++++ Source records
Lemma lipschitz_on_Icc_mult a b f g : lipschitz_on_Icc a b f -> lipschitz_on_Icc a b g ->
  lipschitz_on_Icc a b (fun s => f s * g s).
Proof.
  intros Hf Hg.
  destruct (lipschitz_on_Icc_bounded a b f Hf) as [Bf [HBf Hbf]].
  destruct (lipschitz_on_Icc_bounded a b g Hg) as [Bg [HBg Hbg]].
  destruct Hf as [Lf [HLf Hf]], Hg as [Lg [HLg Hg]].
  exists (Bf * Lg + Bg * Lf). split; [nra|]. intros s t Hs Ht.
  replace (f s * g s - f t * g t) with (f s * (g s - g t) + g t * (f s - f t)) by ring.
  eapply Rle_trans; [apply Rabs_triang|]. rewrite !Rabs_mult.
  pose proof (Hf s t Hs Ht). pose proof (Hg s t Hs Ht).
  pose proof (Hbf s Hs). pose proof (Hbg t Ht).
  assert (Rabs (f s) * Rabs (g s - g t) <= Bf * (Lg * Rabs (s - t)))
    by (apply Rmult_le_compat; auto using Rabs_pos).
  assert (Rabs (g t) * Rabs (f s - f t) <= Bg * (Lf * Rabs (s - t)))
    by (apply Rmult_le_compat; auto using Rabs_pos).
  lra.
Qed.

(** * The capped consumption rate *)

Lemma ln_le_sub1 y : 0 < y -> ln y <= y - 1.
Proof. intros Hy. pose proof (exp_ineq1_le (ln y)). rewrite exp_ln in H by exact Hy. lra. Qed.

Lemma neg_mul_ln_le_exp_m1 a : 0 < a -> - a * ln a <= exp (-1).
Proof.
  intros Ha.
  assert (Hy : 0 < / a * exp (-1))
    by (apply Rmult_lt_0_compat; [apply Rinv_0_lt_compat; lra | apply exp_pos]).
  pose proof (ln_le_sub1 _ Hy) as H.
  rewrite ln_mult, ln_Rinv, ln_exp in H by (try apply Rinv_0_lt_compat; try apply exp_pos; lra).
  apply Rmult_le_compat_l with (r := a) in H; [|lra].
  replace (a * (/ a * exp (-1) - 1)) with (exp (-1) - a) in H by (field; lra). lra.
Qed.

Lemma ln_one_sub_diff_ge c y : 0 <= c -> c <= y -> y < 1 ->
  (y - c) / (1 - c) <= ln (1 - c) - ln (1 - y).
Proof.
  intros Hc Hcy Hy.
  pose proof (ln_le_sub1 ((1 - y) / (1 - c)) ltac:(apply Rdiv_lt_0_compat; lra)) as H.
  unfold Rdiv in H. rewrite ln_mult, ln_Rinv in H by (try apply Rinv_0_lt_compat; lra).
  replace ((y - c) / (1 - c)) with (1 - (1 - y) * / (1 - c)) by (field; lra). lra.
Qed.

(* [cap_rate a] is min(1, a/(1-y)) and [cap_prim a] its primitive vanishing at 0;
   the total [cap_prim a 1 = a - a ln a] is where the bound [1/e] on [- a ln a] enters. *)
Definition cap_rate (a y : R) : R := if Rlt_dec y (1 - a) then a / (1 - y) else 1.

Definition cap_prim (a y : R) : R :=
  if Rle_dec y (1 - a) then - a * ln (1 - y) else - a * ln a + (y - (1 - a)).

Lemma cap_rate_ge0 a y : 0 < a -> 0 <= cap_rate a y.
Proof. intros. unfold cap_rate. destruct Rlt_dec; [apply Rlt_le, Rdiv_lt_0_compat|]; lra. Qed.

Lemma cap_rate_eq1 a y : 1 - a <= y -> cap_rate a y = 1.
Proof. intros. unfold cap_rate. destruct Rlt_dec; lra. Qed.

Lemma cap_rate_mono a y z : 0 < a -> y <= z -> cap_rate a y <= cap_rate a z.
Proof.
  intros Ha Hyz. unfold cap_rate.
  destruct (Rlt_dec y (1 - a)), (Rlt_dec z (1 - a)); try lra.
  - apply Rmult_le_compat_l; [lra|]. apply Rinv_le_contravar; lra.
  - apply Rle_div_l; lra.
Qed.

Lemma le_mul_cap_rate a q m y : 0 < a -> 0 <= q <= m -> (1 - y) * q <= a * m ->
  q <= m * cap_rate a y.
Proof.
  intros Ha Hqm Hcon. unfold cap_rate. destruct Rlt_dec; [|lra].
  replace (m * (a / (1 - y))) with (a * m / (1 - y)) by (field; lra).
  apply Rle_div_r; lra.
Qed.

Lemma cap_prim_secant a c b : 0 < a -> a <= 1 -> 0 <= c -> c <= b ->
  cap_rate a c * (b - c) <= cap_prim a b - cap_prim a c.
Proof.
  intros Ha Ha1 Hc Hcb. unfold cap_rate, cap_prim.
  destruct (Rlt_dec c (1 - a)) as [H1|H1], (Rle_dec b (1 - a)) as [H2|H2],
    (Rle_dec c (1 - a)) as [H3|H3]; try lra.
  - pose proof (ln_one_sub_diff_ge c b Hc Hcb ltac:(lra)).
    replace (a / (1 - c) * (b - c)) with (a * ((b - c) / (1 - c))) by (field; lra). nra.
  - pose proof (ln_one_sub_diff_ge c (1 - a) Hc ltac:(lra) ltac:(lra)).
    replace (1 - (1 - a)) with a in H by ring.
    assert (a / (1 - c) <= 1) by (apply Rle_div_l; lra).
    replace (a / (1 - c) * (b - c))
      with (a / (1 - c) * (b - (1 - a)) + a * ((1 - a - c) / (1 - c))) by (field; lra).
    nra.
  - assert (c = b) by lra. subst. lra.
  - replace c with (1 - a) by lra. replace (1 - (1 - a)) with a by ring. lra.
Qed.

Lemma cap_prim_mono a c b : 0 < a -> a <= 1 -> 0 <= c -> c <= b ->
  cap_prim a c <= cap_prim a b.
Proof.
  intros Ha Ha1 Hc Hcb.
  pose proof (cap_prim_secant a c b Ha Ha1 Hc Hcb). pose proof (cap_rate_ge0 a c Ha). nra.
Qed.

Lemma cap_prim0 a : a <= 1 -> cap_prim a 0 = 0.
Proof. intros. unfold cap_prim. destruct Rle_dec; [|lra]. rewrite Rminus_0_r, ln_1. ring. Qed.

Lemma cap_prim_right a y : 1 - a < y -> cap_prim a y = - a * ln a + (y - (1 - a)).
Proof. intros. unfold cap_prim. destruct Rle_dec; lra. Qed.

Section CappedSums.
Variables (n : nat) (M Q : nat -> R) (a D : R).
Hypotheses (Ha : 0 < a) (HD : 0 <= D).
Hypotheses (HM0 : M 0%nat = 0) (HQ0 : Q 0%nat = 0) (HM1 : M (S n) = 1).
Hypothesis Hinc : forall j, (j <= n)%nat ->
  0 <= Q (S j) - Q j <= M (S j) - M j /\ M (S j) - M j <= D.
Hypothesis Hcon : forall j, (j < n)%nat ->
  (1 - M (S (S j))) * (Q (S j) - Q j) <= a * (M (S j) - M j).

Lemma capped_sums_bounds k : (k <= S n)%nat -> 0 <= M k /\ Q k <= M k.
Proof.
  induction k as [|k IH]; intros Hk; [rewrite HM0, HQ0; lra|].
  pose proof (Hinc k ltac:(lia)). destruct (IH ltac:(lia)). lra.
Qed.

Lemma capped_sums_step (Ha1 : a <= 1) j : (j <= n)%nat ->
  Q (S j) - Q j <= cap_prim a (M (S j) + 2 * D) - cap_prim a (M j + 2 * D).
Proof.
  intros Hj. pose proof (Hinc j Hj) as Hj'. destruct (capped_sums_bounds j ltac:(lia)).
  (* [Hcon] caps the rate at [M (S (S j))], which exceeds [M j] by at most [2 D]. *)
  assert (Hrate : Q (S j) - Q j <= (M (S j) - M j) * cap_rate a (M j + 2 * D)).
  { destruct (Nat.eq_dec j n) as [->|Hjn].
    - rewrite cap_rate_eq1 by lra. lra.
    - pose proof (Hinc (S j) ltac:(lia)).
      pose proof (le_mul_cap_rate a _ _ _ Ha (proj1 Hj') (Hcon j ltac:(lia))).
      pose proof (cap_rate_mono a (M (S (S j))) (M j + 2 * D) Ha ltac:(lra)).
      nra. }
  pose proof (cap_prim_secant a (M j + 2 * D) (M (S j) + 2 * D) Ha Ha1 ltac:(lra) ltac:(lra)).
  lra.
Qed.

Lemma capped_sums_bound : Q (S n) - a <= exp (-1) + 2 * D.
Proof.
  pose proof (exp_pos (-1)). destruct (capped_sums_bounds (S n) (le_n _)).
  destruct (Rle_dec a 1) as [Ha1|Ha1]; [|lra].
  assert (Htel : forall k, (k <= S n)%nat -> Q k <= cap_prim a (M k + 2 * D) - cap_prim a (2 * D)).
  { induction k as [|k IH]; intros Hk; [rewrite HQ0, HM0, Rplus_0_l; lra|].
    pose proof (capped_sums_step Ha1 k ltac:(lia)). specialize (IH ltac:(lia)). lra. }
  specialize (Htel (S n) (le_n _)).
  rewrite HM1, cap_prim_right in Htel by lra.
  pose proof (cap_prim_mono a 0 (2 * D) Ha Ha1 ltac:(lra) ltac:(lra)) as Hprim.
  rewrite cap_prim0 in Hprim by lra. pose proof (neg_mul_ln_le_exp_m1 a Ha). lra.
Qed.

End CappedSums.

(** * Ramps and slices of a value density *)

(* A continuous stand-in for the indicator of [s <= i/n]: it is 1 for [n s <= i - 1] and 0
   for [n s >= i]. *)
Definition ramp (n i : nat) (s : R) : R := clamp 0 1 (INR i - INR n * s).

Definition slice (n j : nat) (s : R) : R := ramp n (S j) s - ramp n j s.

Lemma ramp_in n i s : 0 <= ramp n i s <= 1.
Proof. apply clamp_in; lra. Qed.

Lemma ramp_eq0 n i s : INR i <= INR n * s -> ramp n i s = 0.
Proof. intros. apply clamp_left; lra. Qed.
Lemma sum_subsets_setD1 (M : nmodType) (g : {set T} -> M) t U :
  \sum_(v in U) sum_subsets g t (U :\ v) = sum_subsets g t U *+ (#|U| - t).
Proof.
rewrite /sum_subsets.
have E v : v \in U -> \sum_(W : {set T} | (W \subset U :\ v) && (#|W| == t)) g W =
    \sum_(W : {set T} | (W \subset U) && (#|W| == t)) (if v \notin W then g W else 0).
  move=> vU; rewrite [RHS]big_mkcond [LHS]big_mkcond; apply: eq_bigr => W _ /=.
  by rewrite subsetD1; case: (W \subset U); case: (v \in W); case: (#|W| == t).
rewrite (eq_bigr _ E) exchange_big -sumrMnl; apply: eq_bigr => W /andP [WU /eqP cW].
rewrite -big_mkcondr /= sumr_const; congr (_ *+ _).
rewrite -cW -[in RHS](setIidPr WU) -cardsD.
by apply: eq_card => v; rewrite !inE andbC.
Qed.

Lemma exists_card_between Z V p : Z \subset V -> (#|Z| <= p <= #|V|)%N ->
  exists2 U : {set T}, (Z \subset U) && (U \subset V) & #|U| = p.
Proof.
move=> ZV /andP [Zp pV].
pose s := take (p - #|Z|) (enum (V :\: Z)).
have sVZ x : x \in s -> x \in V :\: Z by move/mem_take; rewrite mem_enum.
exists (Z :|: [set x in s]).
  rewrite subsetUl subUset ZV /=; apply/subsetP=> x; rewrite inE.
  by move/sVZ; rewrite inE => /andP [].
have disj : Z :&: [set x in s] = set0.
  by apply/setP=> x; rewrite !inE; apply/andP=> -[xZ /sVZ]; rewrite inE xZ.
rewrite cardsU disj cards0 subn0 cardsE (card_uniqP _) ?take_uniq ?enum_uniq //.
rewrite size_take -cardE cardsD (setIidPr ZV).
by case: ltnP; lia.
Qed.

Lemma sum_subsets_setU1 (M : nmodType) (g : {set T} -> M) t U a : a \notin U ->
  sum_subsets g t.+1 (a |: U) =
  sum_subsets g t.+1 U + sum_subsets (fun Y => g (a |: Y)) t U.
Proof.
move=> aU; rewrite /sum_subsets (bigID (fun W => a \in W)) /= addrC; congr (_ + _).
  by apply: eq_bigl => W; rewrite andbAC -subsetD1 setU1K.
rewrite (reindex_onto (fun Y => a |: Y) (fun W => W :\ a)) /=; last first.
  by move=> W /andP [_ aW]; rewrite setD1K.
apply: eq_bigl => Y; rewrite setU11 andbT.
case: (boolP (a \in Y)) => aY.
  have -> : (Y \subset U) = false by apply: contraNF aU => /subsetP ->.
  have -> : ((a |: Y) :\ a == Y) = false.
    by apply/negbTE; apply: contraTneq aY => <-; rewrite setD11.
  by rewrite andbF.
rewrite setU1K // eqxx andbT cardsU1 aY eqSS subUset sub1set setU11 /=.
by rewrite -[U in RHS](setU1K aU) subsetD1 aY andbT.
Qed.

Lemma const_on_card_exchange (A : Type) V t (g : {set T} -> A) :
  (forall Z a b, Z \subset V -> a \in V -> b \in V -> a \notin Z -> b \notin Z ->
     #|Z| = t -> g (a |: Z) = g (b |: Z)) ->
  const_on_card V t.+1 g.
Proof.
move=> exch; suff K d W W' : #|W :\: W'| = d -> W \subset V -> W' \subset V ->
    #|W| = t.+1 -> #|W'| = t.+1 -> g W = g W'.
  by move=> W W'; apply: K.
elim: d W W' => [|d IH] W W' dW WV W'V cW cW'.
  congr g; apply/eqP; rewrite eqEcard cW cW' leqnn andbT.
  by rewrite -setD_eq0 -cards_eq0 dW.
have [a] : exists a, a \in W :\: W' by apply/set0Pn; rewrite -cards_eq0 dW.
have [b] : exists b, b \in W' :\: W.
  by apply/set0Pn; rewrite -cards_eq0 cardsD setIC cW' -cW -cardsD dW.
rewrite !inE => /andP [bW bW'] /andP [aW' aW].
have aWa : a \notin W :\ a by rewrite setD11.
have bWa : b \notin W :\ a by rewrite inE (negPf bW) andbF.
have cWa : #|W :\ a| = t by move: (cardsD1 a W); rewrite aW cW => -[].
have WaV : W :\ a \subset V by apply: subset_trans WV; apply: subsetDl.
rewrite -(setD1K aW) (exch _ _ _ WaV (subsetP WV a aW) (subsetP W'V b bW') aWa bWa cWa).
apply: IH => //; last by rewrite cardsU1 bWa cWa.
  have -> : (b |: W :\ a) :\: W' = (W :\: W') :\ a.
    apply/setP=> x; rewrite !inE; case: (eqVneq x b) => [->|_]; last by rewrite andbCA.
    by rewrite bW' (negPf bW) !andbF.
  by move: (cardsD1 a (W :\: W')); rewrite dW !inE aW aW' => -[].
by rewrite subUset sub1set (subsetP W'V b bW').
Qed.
++++++++
++++ Source records
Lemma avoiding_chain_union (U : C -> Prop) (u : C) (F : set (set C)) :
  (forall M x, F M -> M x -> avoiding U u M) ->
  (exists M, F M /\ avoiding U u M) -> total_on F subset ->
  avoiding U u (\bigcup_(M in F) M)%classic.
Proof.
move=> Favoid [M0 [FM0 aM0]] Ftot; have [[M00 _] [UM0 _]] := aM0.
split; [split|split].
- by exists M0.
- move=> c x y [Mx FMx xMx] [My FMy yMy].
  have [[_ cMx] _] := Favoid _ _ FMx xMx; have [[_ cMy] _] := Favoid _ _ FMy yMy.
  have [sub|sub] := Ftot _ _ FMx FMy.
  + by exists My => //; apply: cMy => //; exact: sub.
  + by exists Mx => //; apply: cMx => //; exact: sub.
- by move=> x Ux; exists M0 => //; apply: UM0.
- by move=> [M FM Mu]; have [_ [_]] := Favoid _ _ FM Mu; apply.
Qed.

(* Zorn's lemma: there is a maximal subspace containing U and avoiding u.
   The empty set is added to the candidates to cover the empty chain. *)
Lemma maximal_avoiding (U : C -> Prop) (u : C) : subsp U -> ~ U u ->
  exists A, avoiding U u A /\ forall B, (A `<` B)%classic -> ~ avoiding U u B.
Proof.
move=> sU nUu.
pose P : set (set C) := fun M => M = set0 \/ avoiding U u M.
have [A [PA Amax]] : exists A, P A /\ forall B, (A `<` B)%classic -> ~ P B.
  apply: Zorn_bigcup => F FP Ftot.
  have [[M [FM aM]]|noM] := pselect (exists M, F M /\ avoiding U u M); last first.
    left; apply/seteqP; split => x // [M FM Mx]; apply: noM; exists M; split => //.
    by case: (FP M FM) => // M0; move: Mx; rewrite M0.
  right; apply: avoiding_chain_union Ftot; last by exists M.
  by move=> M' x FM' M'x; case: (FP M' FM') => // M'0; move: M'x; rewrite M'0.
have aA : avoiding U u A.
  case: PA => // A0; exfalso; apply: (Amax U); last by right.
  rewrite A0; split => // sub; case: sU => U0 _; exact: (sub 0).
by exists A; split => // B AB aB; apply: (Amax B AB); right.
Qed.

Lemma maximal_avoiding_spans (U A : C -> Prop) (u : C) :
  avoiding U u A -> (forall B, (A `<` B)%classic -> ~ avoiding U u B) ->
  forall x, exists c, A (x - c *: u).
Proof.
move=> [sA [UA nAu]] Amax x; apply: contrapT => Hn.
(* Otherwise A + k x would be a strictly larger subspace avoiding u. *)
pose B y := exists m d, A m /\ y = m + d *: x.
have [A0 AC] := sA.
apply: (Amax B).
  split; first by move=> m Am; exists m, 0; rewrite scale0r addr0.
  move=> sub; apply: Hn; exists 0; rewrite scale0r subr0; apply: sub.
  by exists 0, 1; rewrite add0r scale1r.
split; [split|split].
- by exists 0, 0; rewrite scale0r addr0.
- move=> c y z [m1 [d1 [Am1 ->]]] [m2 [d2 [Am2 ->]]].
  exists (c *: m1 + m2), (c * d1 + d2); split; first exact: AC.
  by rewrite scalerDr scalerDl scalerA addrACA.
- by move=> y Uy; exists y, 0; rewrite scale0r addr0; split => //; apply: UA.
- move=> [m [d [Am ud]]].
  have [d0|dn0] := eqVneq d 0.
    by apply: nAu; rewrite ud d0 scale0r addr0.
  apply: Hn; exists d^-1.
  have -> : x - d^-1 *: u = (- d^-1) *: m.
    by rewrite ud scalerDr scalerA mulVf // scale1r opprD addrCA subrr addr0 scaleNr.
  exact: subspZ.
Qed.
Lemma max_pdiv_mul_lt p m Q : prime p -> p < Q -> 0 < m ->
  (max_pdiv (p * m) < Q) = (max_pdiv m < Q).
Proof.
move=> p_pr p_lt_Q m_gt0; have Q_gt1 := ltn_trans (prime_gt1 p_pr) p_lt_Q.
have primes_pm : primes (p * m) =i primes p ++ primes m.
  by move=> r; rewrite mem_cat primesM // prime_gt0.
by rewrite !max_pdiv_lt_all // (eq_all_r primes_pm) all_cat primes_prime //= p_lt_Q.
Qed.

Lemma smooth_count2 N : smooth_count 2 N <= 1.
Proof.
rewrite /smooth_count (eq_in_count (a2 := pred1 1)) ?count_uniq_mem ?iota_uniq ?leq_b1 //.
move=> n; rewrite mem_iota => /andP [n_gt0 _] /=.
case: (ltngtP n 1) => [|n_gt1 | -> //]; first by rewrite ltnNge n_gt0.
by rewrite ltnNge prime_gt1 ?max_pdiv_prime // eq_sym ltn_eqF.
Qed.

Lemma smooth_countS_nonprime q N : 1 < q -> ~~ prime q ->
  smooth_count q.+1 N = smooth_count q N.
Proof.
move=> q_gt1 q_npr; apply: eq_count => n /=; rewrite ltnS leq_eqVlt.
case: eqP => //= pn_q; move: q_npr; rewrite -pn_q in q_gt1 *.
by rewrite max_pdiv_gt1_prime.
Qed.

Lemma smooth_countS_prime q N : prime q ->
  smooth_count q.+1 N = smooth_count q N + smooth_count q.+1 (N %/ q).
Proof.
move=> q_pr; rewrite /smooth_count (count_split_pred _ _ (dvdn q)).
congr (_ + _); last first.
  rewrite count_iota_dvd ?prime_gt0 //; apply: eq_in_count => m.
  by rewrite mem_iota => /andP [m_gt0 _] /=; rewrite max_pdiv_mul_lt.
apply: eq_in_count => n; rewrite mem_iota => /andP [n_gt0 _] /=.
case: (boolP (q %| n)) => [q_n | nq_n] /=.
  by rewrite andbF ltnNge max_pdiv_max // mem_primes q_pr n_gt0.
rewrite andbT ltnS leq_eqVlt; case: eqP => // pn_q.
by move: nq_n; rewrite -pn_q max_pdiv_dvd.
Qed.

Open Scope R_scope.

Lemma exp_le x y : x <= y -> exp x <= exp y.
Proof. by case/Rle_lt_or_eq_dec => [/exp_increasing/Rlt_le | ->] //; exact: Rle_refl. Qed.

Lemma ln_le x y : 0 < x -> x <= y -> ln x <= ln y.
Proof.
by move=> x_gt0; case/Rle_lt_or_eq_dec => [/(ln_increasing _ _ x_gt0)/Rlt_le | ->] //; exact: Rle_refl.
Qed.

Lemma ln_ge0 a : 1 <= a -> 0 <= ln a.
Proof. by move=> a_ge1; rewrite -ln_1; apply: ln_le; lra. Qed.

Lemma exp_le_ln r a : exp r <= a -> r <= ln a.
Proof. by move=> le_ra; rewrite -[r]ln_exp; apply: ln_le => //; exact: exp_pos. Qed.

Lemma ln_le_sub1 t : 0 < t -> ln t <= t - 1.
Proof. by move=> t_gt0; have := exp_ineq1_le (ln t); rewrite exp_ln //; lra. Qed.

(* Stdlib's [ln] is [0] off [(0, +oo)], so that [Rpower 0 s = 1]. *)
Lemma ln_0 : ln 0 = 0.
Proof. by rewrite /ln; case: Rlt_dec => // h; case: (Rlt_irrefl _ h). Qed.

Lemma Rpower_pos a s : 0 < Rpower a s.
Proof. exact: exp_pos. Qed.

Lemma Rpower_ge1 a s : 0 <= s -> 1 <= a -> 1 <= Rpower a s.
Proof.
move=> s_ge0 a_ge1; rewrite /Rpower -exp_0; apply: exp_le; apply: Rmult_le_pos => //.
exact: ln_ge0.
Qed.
++++++++
#### Problem
Only those lines of the entries above that run from the line containing "apply: Hn; exists d^-1." to the line containing "Lemma max_pdiv_mul_lt p", both included, should be transcribed exactly.

#### Problem solution
  apply: Hn; exists d^-1.
  have -> : x - d^-1 *: u = (- d^-1) *: m.
    by rewrite ud scalerDr scalerA mulVf // scale1r opprD addrCA subrr addr0 scaleNr.
  exact: subspZ.
Qed.
Lemma max_pdiv_mul_lt p m Q : prime p -> p < Q -> 0 < m ->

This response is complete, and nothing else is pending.